Range to output from the entries below: the line containing "rewrite -EFinM lee_fin;" through the line containing "be real Hilbert". Set it down exactly, ends included, nothing else.

===== Exercise inputs

Lemma lambda_min_Exx_le_integral_div w (y : T -> R) (Y : R) :
  measurable_fun setT y -> 0 < Y -> (forall t, 0 < y t ^+ 2) -> (forall t, y t ^+ 2 <= Y) ->
  ((Y^-1 * (lambda_min (Exx P x) * dotv w w))%:E
   <= \int[P]_t ((dotv w (x t) / y t) ^+ 2)%:E)%E.
Proof.
move=> y_measurable Y_gt0 y2_gt0 y2_le.
apply: le_trans (integral_sqr_dotv_div_ge w y_measurable Y_gt0 y2_gt0 y2_le).
rewrite EFinM; apply: lee_wpmul2l; first by rewrite lee_fin invr_ge0 ltW.
exact: lambda_min_Exx_le_integral.
Qed.

End SecondMoment.

Unset Implicit Arguments.

Theorem lemmaD10 (R : realType) (dT : measure_display) (T : measurableType dT)
  (P : probability T R) (d N : nat)
  (x : T -> 'rV[R]_d) (y : T -> R)
  (Theta XY : set ('rV[R]_d * R)) (th : 'rV[R]_d * R)
  (xh : 'I_N -> 'rV[R]_d) (yh ph : 'I_N -> R)
  (amax bmax xmax ymax ymin la ua lb ub c : R) :
  (* Assumption 1 *)
  compact Theta -> compact XY ->
  th \in Theta ->
  (forall z, z \in Theta -> enorm z.1 <= amax /\ `|z.2| <= bmax) ->
  (forall z, z \in XY -> enorm z.1 <= xmax /\ `|z.2| <= ymax) ->
  (forall i, measurable_fun setT (fun t => x t 0 i)) ->
  measurable_fun setT y ->
  (forall t, (x t, y t) \in XY) ->
  0 < lambda_min (Exx P x) ->
  (0 < \int[P]_t ((y t) ^+ 2)%:E)%E ->
  0 < la -> 0 < ua -> 0 < lb -> 0 < ub ->
  (forall th' z, th' \in Theta -> z \in XY ->
     la <= dotv th'.1 z.1 <= ua /\ lb <= - (th'.2 * z.2) <= ub) ->
  0 < ymin -> (forall z, z \in XY -> ymin <= `|z.2|) ->
  (* offline data *)
  (forall n, (xh n, yh n) \in XY) ->
  (* Assumption 2 *)
  0 < c -> c * N%:R <= lambda_min (Sigma_hat xh) ->
  ((\sum_(n < N) (p_hat xh yh ph (xh n) (yh n) - pstar th (xh n) (yh n)) ^+ 2)%:E
   <= ((N%:R * xmax ^+ 2 * ymax ^+ 2) / (ymin ^+ 2 * lambda_min (Exx P x)))%:E
      * \int[P]_t ((p_hat xh yh ph (x t) (y t) - pstar th (x t) (y t)) ^+ 2)%:E)%E.
Proof.
move=> _ _ _ _ XY_bound x_measurable y_measurable xy_XY lam_gt0 _ _ _ _ _ _
  ymin_gt0 ymin_le xh_XY _ _.
set lam := lambda_min (Exx P x); set K := _ / (ymin ^+ 2 * lam).
set w := (A_hat xh yh ph)^T + (2 * th.2)^-1 *: th.1.
have ymin2_gt0 : 0 < ymin ^+ 2 by rewrite exprn_gt0.
have y_sq z : z \in XY -> ymin ^+ 2 <= z.2 ^+ 2 /\ z.2 ^+ 2 <= ymax ^+ 2.
  move=> zXY; split; first exact: sqr_le_of_le_norm (ltW ymin_gt0) (ymin_le z zXY).
  exact/sqr_le_of_norm_le/(XY_bound z zXY).2.
have y2_gt0 t : 0 < y t ^+ 2 := lt_le_trans ymin2_gt0 (y_sq _ (xy_XY t)).1.
have [t0 _] := probability_inhabited P.
have ymax2_gt0 : 0 < ymax ^+ 2 := lt_le_trans (y2_gt0 t0) (y_sq _ (xy_XY t0)).2.
have x_coord t i : `|x t 0 i| <= xmax.
  exact: le_trans (norm_coord_le_enorm _ i) (XY_bound _ (xy_XY t)).1.
have sample_bound := sum_sqr_dotv_div_le w
  (fun n => dotv_le_sqr_enorm (XY_bound _ (xh_XY n)).1) ymin2_gt0
  (fun n => (y_sq _ (xh_XY n)).1).
have population_bound := lambda_min_Exx_le_integral_div P x_measurable x_coord w
  y_measurable ymax2_gt0 y2_gt0 (fun t => (y_sq _ (xy_XY t)).2).
under eq_bigr do rewrite p_hat_sub_pstar; under eq_integral do rewrite p_hat_sub_pstar.
have K_ge0 : 0 <= K.
  apply: divr_ge0; last exact: mulr_ge0 (sqr_ge0 _) (ltW lam_gt0).
  by rewrite -mulrA mulr_ge0 ?ler0n // mulr_ge0 ?sqr_ge0.
apply: le_trans (lee_wpmul2l _ population_bound); last by rewrite lee_fin.
rewrite -EFinM lee_fin; apply: le_trans sample_bound _.
suff -> : K * ((ymax ^+ 2)^-1 * (lam * dotv w w))
          = N%:R * (dotv w w * xmax ^+ 2 / ymin ^+ 2) by [].
have ymax_neq0 : ymax != 0 by rewrite -sqrf_eq0 gt_eqF.
by rewrite /K; field; rewrite gt_eqF //= ymax_neq0; exact: lt0r_neq0 lam_gt0.
Qed.
(* Let $\mathcal{X},\mathcal{Y}$ be real Hilbert spaces, $a:\mathcal{X}\times\mathcal{Y}\to\mathbb{R}$ bilinear with $|a(w,v)|\le C_a\|w\|_\mathcal{X}\|v\|_\mathcal{Y}$, $f\in\mathcal{Y}^\star$, and $u\in\mathcal{X}$ with $a(u,v)=f(v)$ for all $v\in\mathcal{Y}$. Let $\ell,N\in\mathbb{N}$ and let $\mathcal{X}_\ell\subseteq\mathcal{X}_{\ell+1}\subseteq\dots\subseteq\mathcal{X}_{\ell+N+1}\subseteq\mathcal{X}$ and $\mathcal{Y}_\ell\subseteq\dots\subseteq\mathcal{Y}_{\ell+N+1}\subseteq\mathcal{Y}$ be finite-dimensional subspaces with $\dim\mathcal{X}_{\ell+k}=\dim\mathcal{Y}_{\ell+k}$ and $\inf_{w\in\mathcal{X}_{\ell+k}}\sup_{v\in\mathcal{Y}_{\ell+k}}\frac{a(w,v)}{\|w\|_\mathcal{X}\|v\|_\mathcal{Y}}\ge\gamma>0$ for $k=0,\dots,N+1$, and let $u_{\ell+k}\in\mathcal{X}_{\ell+k}$ be the unique solutions of $a(u_{\ell+k},v)=f(v)$ for all $v\in\mathcal{Y}_{\ell+k}$. Let $M$ be the block matrix associated with these spaces as in the context. If $M$ has a normalized block-$LU$-factorization $M=LU$, then $$\sum_{k=\ell}^{\ell+N}\|u_{k+1}-u_k\|_\mathcal{X}^2\le\frac{C_a^2}{\gamma^2}\,\|U\|_2^2\max_{k=1,\dots,N+1}\|U^{-1}(:,k)\|_2^2\,\|u-u_\ell\|_\mathcal{X}^2.$$
   Context: Nested orthonormal basis: let $\mathcal{B}_0^\mathcal{X}$ be an $\mathcal{X}$-orthonormal basis of $\mathcal{X}_\ell$ and, for $j=1,\dots,N+1$, $\mathcal{B}_j^\mathcal{X}$ an $\mathcal{X}$-orthonormal basis of $\{v\in\mathcal{X}_{\ell+j}: v\perp_\mathcal{X}\mathcal{X}_{\ell+j-1}\}$; analogously $\mathcal{B}_j^\mathcal{Y}$ with respect to $\mathcal{Y}$. Enumerate $\bigcup_j\mathcal{B}^\mathcal{X}_j=\{w_1^\mathcal{X},\dots,w_{\rm dim}^\mathcal{X}\}$ (${\rm dim}=\dim\mathcal{X}_{\ell+N+1}$) so that functions of $\mathcal{B}_j^\mathcal{X}$ precede those of $\mathcal{B}_{j+1}^\mathcal{X}$, and likewise $w_r^\mathcal{Y}$. Block structure: $n_0=0$, $n_{j+1}:=\dim\mathcal{X}_{\ell+j}$, $j=0,\dots,N+1$. $M\in\mathbb{R}^{{\rm dim}\times{\rm dim}}$, $M_{rt}:=a(w_t^\mathcal{X},w_r^\mathcal{Y})$. For a block matrix, block $(i,j)$ (indices from $0$) consists of rows $n_i+1,\dots,n_{i+1}$ and columns $n_j+1,\dots,n_{j+1}$; $M(:,j)$ denotes the $j$-th block column. A normalized block-$LU$-factorization is $M=LU$ with $L$ block lower triangular with identity diagonal blocks and $U$ block upper triangular. $\|\cdot\|_2$ is the spectral norm. *)

From HB Require Import structures.
From mathcomp Require Import all_boot all_order all_algebra.
From mathcomp Require Import all_classical all_reals.
Set Implicit Arguments. Unset Strict Implicit. Unset Printing Implicit Defensive.
Import Order.TTheory GRing.Theory Num.Theory.
Local Open Scope ring_scope.
Local Open Scope classical_set_scope.

Definition inner_product (R : realType) (X : lmodType R) (ip : X -> X -> R) :=
  [/\ forall x y, ip x y = ip y x,
      forall c x y z, ip (c *: x + y) z = c * ip x z + ip y z,
      forall x, 0 <= ip x x &
      forall x, ip x x = 0 -> x = 0].

Definition ipnorm (R : realType) (X : lmodType R) (ip : X -> X -> R) (x : X) : R :=
  Num.sqrt (ip x x).

Definition ip_complete (R : realType) (X : lmodType R) (ip : X -> X -> R) :=
  forall s : nat -> X,
    (forall e : R, 0 < e -> exists M : nat, forall m n, (M <= m)%N -> (M <= n)%N ->
        ipnorm ip (s m - s n) < e) ->
    exists l : X, forall e : R, 0 < e -> exists M : nat, forall n, (M <= n)%N ->
        ipnorm ip (s n - l) < e.

Definition hilbert (R : realType) (X : lmodType R) (ip : X -> X -> R) :=
  inner_product ip /\ ip_complete ip.

Definition subspace (R : realType) (X : lmodType R) (S : set X) :=
  S 0 /\ forall (c : R) x y, S x -> S y -> S (c *: x + y).

Definition span_of (R : realType) (X : lmodType R) (n : nat) (b : 'I_n -> X) : set X :=
  [set x | exists c : 'I_n -> R, x = \sum_(i < n) c i *: b i].

Definition lin_indep (R : realType) (X : lmodType R) (n : nat) (b : 'I_n -> X) :=
  forall c : 'I_n -> R, \sum_(i < n) c i *: b i = 0 -> forall i, c i = 0.

Definition has_dim (R : realType) (X : lmodType R) (S : set X) (n : nat) :=
  subspace S /\ exists b : 'I_n -> X, lin_indep b /\ span_of b = S.

Definition infsup_ge (R : realType) (X Y : lmodType R)
  (ipX : X -> X -> R) (ipY : Y -> Y -> R) (a : X -> Y -> R)
  (Xk : set X) (Yk : set Y) (g : R) :=
  forall w, Xk w -> w != 0 ->
    g <= sup [set a w v / (ipnorm ipX w * ipnorm ipY v) | v in [set v | Yk v /\ v != 0]].

(* d k = dim X_{l+k};  n_0 = 0, n_{j+1} = d j *)
Definition blk_start (d : nat -> nat) (j : nat) : nat :=
  if j is j'.+1 then d j' else 0%N.

(* index r (0-based) belongs to block j: n_j <= r < n_{j+1} *)
Definition in_block (d : nat -> nat) (j r : nat) : bool :=
  (blk_start d j <= r < blk_start d j.+1)%N.

Definition orth_part (R : realType) (X : lmodType R) (ip : X -> X -> R)
  (Xs : nat -> set X) (l j : nat) : set X :=
  if j is j'.+1 then [set v | Xs (l + j)%N v /\ forall x, Xs (l + j')%N x -> ip v x = 0]
  else Xs l.

(* w enumerates the union of the orthonormal bases B_0, ..., B_{N+1}, block by block:
   the entries with index in block j form an orthonormal basis of orth_part j. *)
Definition nested_onb (R : realType) (X : lmodType R) (ip : X -> X -> R)
  (Xs : nat -> set X) (l N : nat) (d : nat -> nat) (w : 'I_(d N.+1) -> X) :=
  forall j, (j <= N.+1)%N ->
    (forall r s : 'I_(d N.+1), in_block d j r -> in_block d j s ->
        ip (w r) (w s) = (r == s)%:R) /\
    orth_part ip Xs l j =
      [set x | exists c : 'I_(d N.+1) -> R,
                 (forall r : 'I_(d N.+1), ~~ in_block d j r -> c r = 0) /\
                 x = \sum_(r < d N.+1) c r *: w r].

Definition galerkin_matrix (R : realType) (X Y : lmodType R) (a : X -> Y -> R)
  (n : nat) (wX : 'I_n -> X) (wY : 'I_n -> Y) : 'M[R]_n :=
  \matrix_(r < n, t < n) a (wX t) (wY r).

Definition block_lower_unit (R : realType) (d : nat -> nat) (N : nat) (L : 'M[R]_(d N.+1)) :=
  forall (i j : nat) (r t : 'I_(d N.+1)), (i <= N.+1)%N -> (j <= N.+1)%N ->
    in_block d i r -> in_block d j t ->
    ((i < j)%N -> L r t = 0) /\ (i = j -> L r t = (r == t)%:R).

==========

• **Task answer**:
rewrite -EFinM lee_fin; apply: le_trans sample_bound _.
suff -> : K * ((ymax ^+ 2)^-1 * (lam * dotv w w))
          = N%:R * (dotv w w * xmax ^+ 2 / ymin ^+ 2) by [].
have ymax_neq0 : ymax != 0 by rewrite -sqrf_eq0 gt_eqF.
by rewrite /K; field; rewrite gt_eqF //= ymax_neq0; exact: lt0r_neq0 lam_gt0.
Qed.
(* Let $\mathcal{X},\mathcal{Y}$ be real Hilbert spaces, $a:\mathcal{X}\times\mathcal{Y}\to\mathbb{R}$ bilinear with $|a(w,v)|\le C_a\|w\|_\mathcal{X}\|v\|_\mathcal{Y}$, $f\in\mathcal{Y}^\star$, and $u\in\mathcal{X}$ with $a(u,v)=f(v)$ for all $v\in\mathcal{Y}$. Let $\ell,N\in\mathbb{N}$ and let $\mathcal{X}_\ell\subseteq\mathcal{X}_{\ell+1}\subseteq\dots\subseteq\mathcal{X}_{\ell+N+1}\subseteq\mathcal{X}$ and $\mathcal{Y}_\ell\subseteq\dots\subseteq\mathcal{Y}_{\ell+N+1}\subseteq\mathcal{Y}$ be finite-dimensional subspaces with $\dim\mathcal{X}_{\ell+k}=\dim\mathcal{Y}_{\ell+k}$ and $\inf_{w\in\mathcal{X}_{\ell+k}}\sup_{v\in\mathcal{Y}_{\ell+k}}\frac{a(w,v)}{\|w\|_\mathcal{X}\|v\|_\mathcal{Y}}\ge\gamma>0$ for $k=0,\dots,N+1$, and let $u_{\ell+k}\in\mathcal{X}_{\ell+k}$ be the unique solutions of $a(u_{\ell+k},v)=f(v)$ for all $v\in\mathcal{Y}_{\ell+k}$. Let $M$ be the block matrix associated with these spaces as in the context. If $M$ has a normalized block-$LU$-factorization $M=LU$, then $$\sum_{k=\ell}^{\ell+N}\|u_{k+1}-u_k\|_\mathcal{X}^2\le\frac{C_a^2}{\gamma^2}\,\|U\|_2^2\max_{k=1,\dots,N+1}\|U^{-1}(:,k)\|_2^2\,\|u-u_\ell\|_\mathcal{X}^2.$$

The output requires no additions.